A content search is initiated by either a CONTAINS or FREETEXT operator in the SQL statement contained in SearchSQL
. The CONTAINS and FREETEXT operators have somewhat different operand formats and provide somewhat different search characteristics.
While the CONTAINS operator can search content in all properties, or in a single property, the FREETEXT operator can search content only in all properties. Note that attempting to specify a property name for FREETEXT will generate an exception.
See Full-Text Queries for more information about the CONTAINS and FREETEXT operators, and Content-Based Retrieval Concepts for information about administrative interfaces for full-text information.

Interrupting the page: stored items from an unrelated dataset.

(* There exist class $\mathcal{K}_\infty$ functions $\alpha_1,\alpha_2$ such that: $V(x)\ge\alpha_1(|x|)$ for all $x\in\mathbb{X}$; $V(x)\le\alpha_2(|x|)$ for all $x\in\mathbb{X}_f$; $V(f(x,\kappa(x)))\le V(x)-\alpha_1(|x|)$ for all $x\in\mathbb{X}$.
   Context: Consider the discrete-time controlled system $x^+=f(x,u)$ with state $x\in\mathbb{R}^{n}$ and control $u\in\mathbb{R}^{m}$, constraint sets $\mathbb{X}\subset\mathbb{R}^n$, $\mathbb{U}\subset\mathbb{R}^m$, $\mathbb{Y}\subset\mathbb{R}^p$, and a constraint function $h(x,u)\in\mathbb{R}^p$. A control $u$ is feasible at $x\in\mathbb{X}$ if $u\in\mathbb{U}$, $f(x,u)\in\mathbb{X}$ and $h(x,u)\in\mathbb{Y}$. A control sequence $(u(0),\ldots,u(N-1))$ is feasible from $x$ if, for the state sequence defined by $x(0)=x$ and $x(k+1)=f(x(k),u(k))$, each $u(k)$ is feasible at $x(k)$. We are given a stage cost $l(x,u)$, a terminal set $\mathbb{X}_f$ and a terminal cost $V_f$ defined on $\mathbb{X}_f$. Horizon-$N$ problem at $x$: minimize $\sum_{k=0}^{N-1}l(x(k),u(k))+V_f(x(N))$ over control sequences that are feasible from $x$ and satisfy $x(N)\in\mathbb{X}_f$. Let $V_N^0(x)$ be its minimum value, which is assumed to be attained whenever the feasible set is nonempty. Let $(u^0_N(0),\ldots,u^0_N(N-1))$ be a minimizer, and set $\kappa_N(x)=u_N^0(0)$. For $N=0$, $V_0^0(x)=V_f(x)$ for $x\in\mathbb{X}_f$. Standing assumptions: (A1) $f,l,h,V_f$ are continuous on an open set containing $\mathbb{X}\times\mathbb{U}$ (for $V_f$, an open set containing $\mathbb{X}_f$). The stage cost $l$ is nonnegative definite in $(x,u)$ and positive definite in $u$. $V_f$ is positive definite on $\mathbb{X}_f$. Moreover $f(0,0)=0$, $l(0,0)=0$ and $V_f(0)=0$. (A2) $\mathbb{X}$ and $\mathbb{X}_f$ are closed, $\mathbb{X}_f\subset\mathbb{X}$, $\mathbb{U}$ is compact, and $\mathbb{X},\mathbb{X}_f,\mathbb{U}$ each contain a neighborhood of the origin. (A3) For every $x\in\mathbb{X}_f$ there is a control $u$ feasible at $x$ with $f(x,u)\in\mathbb{X}_f$ and $l(x,u)+V_f(f(x,u))\le V_f(x)$. (A4) For every $x\in\mathbb{X}$ there exist an integer $N\ge0$ and a feasible control sequence of length $N$ from $x$ whose state sequence satisfies $x(N)\in\mathbb{X}_f$. For $x\in\mathbb{X}$, $N(x)$ denotes the minimum such $N$. (A5) There is an integer $M\ge 0$ with $N(x)\le M$ for all $x\in\mathbb{X}$. (A6) There are class $\mathcal{K}_\infty$ functions $\alpha_1,\alpha_2$ with $l(x,u)\ge\alpha_1(|x|)$ for all $x\in\mathbb{X}$, $u\in\mathbb{U}$, and $V_f(x)\le\alpha_2(|x|)$ for all $x\in\mathbb{X}_f$. Define $V(x)=V^0_{N(x)}(x)$ for $x\in\mathbb{X}$. For $N(x)\ge1$ set $\kappa(x)=\kappa_{N(x)}(x)$. For $N(x)=0$ (equivalently $x\in\mathbb{X}_f$), let $\kappa(x)$ be a feasible control $u$ as in (A3). *)

From HB Require Import structures.
From mathcomp Require Import all_boot all_order all_algebra.
From mathcomp Require Import all_classical all_reals all_analysis.
Set Implicit Arguments. Unset Strict Implicit. Unset Printing Implicit Defensive.
Import Order.TTheory GRing.Theory Num.Theory.
Import numFieldNormedType.Exports.
Local Open Scope classical_set_scope.
Local Open Scope ring_scope.

Definition enorm {R : realType} {n : nat} (x : 'rV[R]_n) : R :=
  Num.sqrt (\sum_(i < n) x ord0 i ^+ 2).

Definition classKinf {R : realType} (a : R -> R) : Prop :=
  [/\ a 0 = 0,
      {within [set r : R | 0 <= r], continuous a},
      {in [set r : R | 0 <= r] &, {homo a : r s / r < s}}
    & a r @[r --> +oo] --> +oo].

Fixpoint traj {X U : Type} (f : X -> U -> X) (x : X) (u : nat -> U) (k : nat)
  : X :=
  match k with
  | 0 => x
  | k'.+1 => f (traj f x u k') (u k')
  end.

Section MPC.
Context {R : realType} {n m p : nat}.
Local Notation st := 'rV[R]_n.
Local Notation ct := 'rV[R]_m.
Local Notation ot := 'rV[R]_p.

Definition feas_at (f : st -> ct -> st) (h : st -> ct -> ot)
  (Xs : set st) (Us : set ct) (Ys : set ot) (x : st) (u : ct) : Prop :=
  [/\ Us u, Xs (f x u) & Ys (h x u)].

(* Control sequence (u(0),...,u(N-1)) (entries past N-1 are irrelevant)
   is feasible from x. *)
Definition feas_seq f h Xs Us Ys (N : nat) (x : st) (u : nat -> ct) : Prop :=
  forall k, (k < N)%N -> feas_at f h Xs Us Ys (traj f x u k) (u k).

Definition admissible f h Xs Us Ys (Xf : set st) (N : nat) (x : st)
  (u : nat -> ct) : Prop :=
  feas_seq f h Xs Us Ys N x u /\ Xf (traj f x u N).

Definition costN (f : st -> ct -> st) (l : st -> ct -> R) (Vf : st -> R)
  (N : nat) (x : st) (u : nat -> ct) : R :=
  \sum_(k < N) l (traj f x u k) (u k) + Vf (traj f x u N).

(* Optimal value V_N^0(x) (infimum of the cost over admissible sequences;
   it is a minimum under the attainment hypothesis). *)
Definition VN0 f h l Vf Xs Us Ys Xf (N : nat) (x : st) : R :=
  inf [set costN f l Vf N x u | u in admissible f h Xs Us Ys Xf N x].

Definition is_minimizer f h l Vf Xs Us Ys Xf (N : nat) (x : st)
  (u : nat -> ct) : Prop :=
  admissible f h Xs Us Ys Xf N x u /\
  forall u', admissible f h Xs Us Ys Xf N x u' ->
    costN f l Vf N x u <= costN f l Vf N x u'.

End MPC.

(* Least natural number satisfying P (0 if none exists). *)
Lemma ex_asbool_nat (P : nat -> Prop) :
  (exists k, P k) -> exists k, `[< P k >].
Proof. by case=> k Pk; exists k; apply/asboolP. Qed.

Definition least_nat (P : nat -> Prop) : nat :=
  match pselect (exists k, P k) with
  | left H => ex_minn (ex_asbool_nat H)
  | right _ => 0%N
  end.

Section MPC2.
Context {R : realType} {n m p : nat}.
Local Notation st := 'rV[R]_n.
Local Notation ct := 'rV[R]_m.
Local Notation ot := 'rV[R]_p.

Definition Nmin (f : st -> ct -> st) (h : st -> ct -> ot) Xs Us Ys
  (Xf : set st) (x : st) : nat :=
  least_nat (fun N => exists u, admissible f h Xs Us Ys Xf N x u).

Definition Vmpc f h l Vf Xs Us Ys Xf (x : st) : R :=
  VN0 f h l Vf Xs Us Ys Xf (Nmin f h Xs Us Ys Xf x) x.

End MPC2.

From HB Require Import structures.
From mathcomp Require Import all_boot all_order all_algebra.
From mathcomp Require Import all_classical all_reals all_analysis.
Import Order.TTheory GRing.Theory Num.Theory.
Import numFieldNormedType.Exports.

Set Implicit Arguments.
Unset Strict Implicit.
Unset Printing Implicit Defensive.

Local Open Scope classical_set_scope.
Local Open Scope ring_scope.

(* The tail of an optimal control sequence from x is admissible from the
   successor state with one step less, and N(f(x, kappa x)) = N(x) - 1, so
   V(f(x, kappa x)) is at most the optimal cost from x minus its first stage
   cost l(x, kappa x) >= alpha1 |x|.  When N(x) = 0 the same inequality is the
   terminal decrease condition (A3).  Since V >= 0, the decrease inequality
   also gives the lower bound V(x) >= alpha1 |x|, and on X_f we have
   V = V_f <= alpha2 |x|. *)

Lemma inf_eq_minimum (R : realType) (S : set R) (a : R) :
  S a -> (forall b, S b -> a <= b) -> inf S = a.
Proof.
move=> Sa lbS; apply/eqP; rewrite eq_le; apply/andP; split.
  by apply: (ge_inf (E := S)) => //; exists a => b /lbS.
by apply: lb_le_inf; [exists a | move=> b /lbS].
Qed.

Section LeastNat.
Variable P : nat -> Prop.
Hypothesis exP : exists k, P k.

Lemma least_natP : P (least_nat P).
Proof.
rewrite /least_nat; case: pselect => [H|//].
by case: ex_minnP => k /asboolP.
Qed.

Lemma least_nat_le k : P k -> (least_nat P <= k)%N.
Proof.
move=> Pk; rewrite /least_nat; case: pselect => [H|//].
by case: ex_minnP => j _ /(_ k); apply; apply/asboolP.
Qed.

End LeastNat.

Lemma trajS X U (f : X -> U -> X) x u k :
  traj f x u k.+1 = traj f (f x (u 0%N)) (fun j => u j.+1) k.
Proof. by elim: k => //= k <-. Qed.

Definition scons {U : Type} (a : U) (w : nat -> U) : nat -> U :=
  fun j => if j is j'.+1 then w j' else a.

Section Horizon.
Context {R : realType} {n m p : nat}
  (f : 'rV[R]_n -> 'rV[R]_m -> 'rV[R]_n)
  (h : 'rV[R]_n -> 'rV[R]_m -> 'rV[R]_p)
  (l : 'rV[R]_n -> 'rV[R]_m -> R) (Vf : 'rV[R]_n -> R)
  (Xs : set 'rV[R]_n) (Us : set 'rV[R]_m) (Ys : set 'rV[R]_p)
  (Xf : set 'rV[R]_n).

Local Notation feas := (feas_at f h Xs Us Ys).
Local Notation adm := (admissible f h Xs Us Ys Xf).
Local Notation cost := (costN f l Vf).
Local Notation VN := (VN0 f h l Vf Xs Us Ys Xf).
Local Notation Nx := (Nmin f h Xs Us Ys Xf).
Local Notation V := (Vmpc f h l Vf Xs Us Ys Xf).
Local Notation minimizer := (is_minimizer f h l Vf Xs Us Ys Xf).

Lemma admissibleS N x u : adm N.+1 x u ->
  feas x (u 0%N) /\ adm N (f x (u 0%N)) (fun j => u j.+1).
Proof.
case=> feas_u Xf_end; split; first exact: (feas_u 0%N).
by split=> [k kN|]; rewrite -trajS //; apply: feas_u.
Qed.

Lemma admissible_scons N x a w :
  feas x a -> adm N (f x a) w -> adm N.+1 x (scons a w).
Proof.
move=> feas_a [feas_w Xf_end].
by split=> [[|k] kN|]; rewrite ?trajS //; apply: feas_w.
Qed.

Lemma costNS N x u :
  cost N.+1 x u = l x (u 0%N) + cost N (f x (u 0%N)) (fun j => u j.+1).
Proof.
rewrite /costN big_ord_recl -addrA trajS; congr (_ + (_ + _)).
by apply: eq_bigr => i _; rewrite lift0 trajS.
Qed.

Lemma costN_ge0 :
  (forall x u, Xs x -> Us u -> 0 <= l x u) -> (forall x, Xf x -> 0 <= Vf x) ->
  forall N x u, Xs x -> adm N x u -> 0 <= cost N x u.
Proof.
move=> l_ge0 Vf_ge0; elim=> [|N IH] x u Xx.
  by case=> _ Xf_x; rewrite /costN big_ord0 add0r; apply: Vf_ge0.
rewrite costNS => /admissibleS [[Uu Xx' _] adm_tail].
by rewrite addr_ge0 ?l_ge0 ?(IH _ _ Xx').
Qed.

Lemma VN0_minimizer N x u : minimizer N x u -> VN N x = cost N x u.
Proof.
case=> adm_u min_u; apply: inf_eq_minimum; first by exists u.
by move=> _ [u' adm_u' <-]; apply: min_u.
Qed.

Lemma Nmin_admissible x : (exists N u, adm N x u) -> exists u, adm (Nx x) x u.
Proof. exact: (@least_natP (fun N => exists u, adm N x u)). Qed.

Lemma Nmin_le N x u : adm N x u -> (Nx x <= N)%N.
Proof. by move=> adm_u; apply: least_nat_le; exists u. Qed.

Lemma Nmin_Xf x : Xf x -> Nx x = 0%N.
Proof. by move=> Xf_x; apply/eqP; rewrite -leqn0 (@Nmin_le 0 x (fun=> 0)). Qed.

Lemma Vmpc_Xf x : Xf x -> V x = Vf x.
Proof.
move=> Xf_x; rewrite /Vmpc Nmin_Xf //; apply: inf_eq_minimum.
  by exists (fun=> 0) => //; rewrite /costN big_ord0 add0r.
by move=> _ [u _ <-]; rewrite /costN big_ord0 add0r.
Qed.

Lemma Nmin_succ N x a w : Nx x = N.+1 ->
  feas x a -> adm N (f x a) w -> Nx (f x a) = N.
Proof.
move=> Nx_x feas_a adm_w; apply/eqP; rewrite eqn_leq (Nmin_le adm_w) /=.
have [w' adm_w'] : exists w', adm (Nx (f x a)) (f x a) w'.
  by apply: Nmin_admissible; exists N, w.
by rewrite -ltnS -Nx_x (Nmin_le (admissible_scons feas_a adm_w')).
Qed.

Section Optimal.
Hypothesis reachable : forall x, Xs x -> exists N u, adm N x u.
Hypothesis attained : forall N x, (exists u, adm N x u) ->
  exists u, minimizer N x u.

Lemma Vmpc_ge0 :
  (forall x u, Xs x -> Us u -> 0 <= l x u) -> (forall x, Xf x -> 0 <= Vf x) ->
  forall x, Xs x -> 0 <= V x.
Proof.
move=> l_ge0 Vf_ge0 x Xx.
have [u adm_u] := Nmin_admissible (reachable Xx).
have [v min_v] := attained (ex_intro _ u adm_u).
rewrite /Vmpc (VN0_minimizer min_v).
by case: min_v => adm_v _; apply: costN_ge0 adm_v.
Qed.

Section Feedback.
Variable kappa : 'rV[R]_n -> 'rV[R]_m.
Hypothesis kappa_pos : forall x, Xs x -> (0 < Nx x)%N ->
  exists u, minimizer (Nx x) x u /\ u 0%N = kappa x.
Hypothesis kappa_0 : forall x, Xs x -> Nx x = 0%N ->
  [/\ feas x (kappa x), Xf (f x (kappa x)) &
      l x (kappa x) + Vf (f x (kappa x)) <= Vf x].

Lemma feas_kappa x : Xs x -> feas x (kappa x).
Proof.
move=> Xx; case Nx_x: (Nx x) => [|N]; first by case: (kappa_0 Xx Nx_x).
have Nx_pos : (0 < Nx x)%N by rewrite Nx_x.
have [u [[adm_u _] <-]] := kappa_pos Xx Nx_pos.
by rewrite Nx_x in adm_u; case: (admissibleS adm_u).
Qed.

Lemma Vmpc_decrease x : Xs x -> l x (kappa x) + V (f x (kappa x)) <= V x.
Proof.
move=> Xx; case Nx_x: (Nx x) => [|N].
  have [u [_ Xf_x]] := Nmin_admissible (reachable Xx); rewrite Nx_x in Xf_x.
  by case: (kappa_0 Xx Nx_x) => _ Xf_next; rewrite !Vmpc_Xf.
have Nx_pos : (0 < Nx x)%N by rewrite Nx_x.
have [u [min_u u0]] := kappa_pos Xx Nx_pos.
have [adm_u _] := min_u; rewrite Nx_x in adm_u.
have [feas_a adm_tail] := admissibleS adm_u; rewrite u0 in feas_a adm_tail.
rewrite {2}/Vmpc (VN0_minimizer min_u) Nx_x costNS u0 lerD2l.
rewrite /Vmpc (Nmin_succ Nx_x feas_a adm_tail).
have [z min_z] := attained (ex_intro _ _ adm_tail).
by rewrite (VN0_minimizer min_z); apply: min_z.2.
Qed.

End Feedback.

End Optimal.

End Horizon.

Theorem proposition1 (R : realType) (n m p : nat)
  (f : 'rV[R]_n -> 'rV[R]_m -> 'rV[R]_n)
  (h : 'rV[R]_n -> 'rV[R]_m -> 'rV[R]_p)
  (l : 'rV[R]_n -> 'rV[R]_m -> R) (Vf : 'rV[R]_n -> R)
  (Xs : set 'rV[R]_n) (Us : set 'rV[R]_m) (Ys : set 'rV[R]_p)
  (Xf : set 'rV[R]_n) (kappa : 'rV[R]_n -> 'rV[R]_m)
  (* (A1) *)
  (A1_cont : exists O : set ('rV[R]_n * 'rV[R]_m), [/\ open O, Xs `*` Us `<=` O &
      forall z, O z ->
        [/\ {for z, continuous (fun w => f w.1 w.2)},
            {for z, continuous (fun w => l w.1 w.2)} &
            {for z, continuous (fun w => h w.1 w.2)}]])
  (A1_contVf : exists O : set 'rV[R]_n, [/\ open O, Xf `<=` O &
      forall z, O z -> {for z, continuous Vf}])
  (A1_lnn : forall x u, Xs x -> Us u -> 0 <= l x u)
  (A1_lpd : forall x u, Xs x -> Us u -> u != 0 -> 0 < l x u)
  (A1_Vfpd : forall x, Xf x -> x != 0 -> 0 < Vf x)
  (A1_f0 : f 0 0 = 0) (A1_l0 : l 0 0 = 0) (A1_Vf0 : Vf 0 = 0)
  (* (A2) *)
  (A2_Xcl : closed Xs) (A2_Xfcl : closed Xf) (A2_XfX : Xf `<=` Xs)
  (A2_Ucpt : compact Us)
  (A2_Xnbhs : nbhs (0 : 'rV[R]_n) Xs) (A2_Xfnbhs : nbhs (0 : 'rV[R]_n) Xf)
  (A2_Unbhs : nbhs (0 : 'rV[R]_m) Us)
  (* (A3) *)
  (A3 : forall x, Xf x -> exists u, [/\ feas_at f h Xs Us Ys x u, Xf (f x u) &
      l x u + Vf (f x u) <= Vf x])
  (* (A4) *)
  (A4 : forall x, Xs x -> exists N u, admissible f h Xs Us Ys Xf N x u)
  (* (A5) *)
  (A5 : exists M : nat, forall x, Xs x -> (Nmin f h Xs Us Ys Xf x <= M)%N)
  (* (A6) *)
  (A6 : exists a1 a2 : R -> R, [/\ classKinf a1, classKinf a2,
      (forall x u, Xs x -> Us u -> a1 (enorm x) <= l x u) &
      (forall x, Xf x -> Vf x <= a2 (enorm x))])
  (* the minimum of each horizon-N problem is attained when feasible *)
  (attained : forall (N : nat) x, (exists u, admissible f h Xs Us Ys Xf N x u) ->
      exists u, is_minimizer f h l Vf Xs Us Ys Xf N x u)
  (* definition of kappa *)
  (kappa_pos : forall x, Xs x -> (0 < Nmin f h Xs Us Ys Xf x)%N ->
      exists u, is_minimizer f h l Vf Xs Us Ys Xf (Nmin f h Xs Us Ys Xf x) x u
                /\ u 0%N = kappa x)
  (kappa_0 : forall x, Xs x -> Nmin f h Xs Us Ys Xf x = 0%N ->
      [/\ feas_at f h Xs Us Ys x (kappa x), Xf (f x (kappa x)) &
          l x (kappa x) + Vf (f x (kappa x)) <= Vf x]) :
  exists a1 a2 : R -> R, [/\ classKinf a1, classKinf a2,
    (forall x, Xs x -> a1 (enorm x) <= Vmpc f h l Vf Xs Us Ys Xf x),
    (forall x, Xf x -> Vmpc f h l Vf Xs Us Ys Xf x <= a2 (enorm x)) &
    (forall x, Xs x -> Vmpc f h l Vf Xs Us Ys Xf (f x (kappa x))
                   <= Vmpc f h l Vf Xs Us Ys Xf x - a1 (enorm x))].
Proof.
have [a1 [a2 [a1K a2K l_ge_a1 Vf_le_a2]]] := A6.
have Vf_ge0 x : Xf x -> 0 <= Vf x.
  by move=> Xf_x; have [->|/(A1_Vfpd _ Xf_x)/ltW] := eqVneq x 0; rewrite ?A1_Vf0.
have feas_k := feas_kappa kappa_pos kappa_0.
have decrease x : Xs x -> Vmpc f h l Vf Xs Us Ys Xf (f x (kappa x))
    <= Vmpc f h l Vf Xs Us Ys Xf x - a1 (enorm x).
  move=> Xx; have [Uk _ _] := feas_k x Xx.
  rewrite lerBrDr addrC.
  apply: le_trans (Vmpc_decrease A4 attained kappa_pos kappa_0 Xx).
  by rewrite lerD2r l_ge_a1.
exists a1, a2; split=> // x Xx.
  have [_ Xnext _] := feas_k x Xx.
  rewrite -subr_ge0; apply: le_trans (decrease x Xx).
  exact: (Vmpc_ge0 A4 attained A1_lnn Vf_ge0 Xnext).
by rewrite Vmpc_Xf //; apply: Vf_le_a2.
Qed.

Note Full-text queries can take a considerable amount of time to execute. Some queries can finish in a few seconds, while others could potentially run for hours. Your applications should be written to allow the user to set a timeout; a single default value is probably not sufficient. The user setting(s) should ensure that either the query does not run longer than desired, or that the timeout value is high enough to enable the query to finish execution. Note that the timeout value is the time required to fetch a page for a continuable query, not the time to fetch all pages for the query.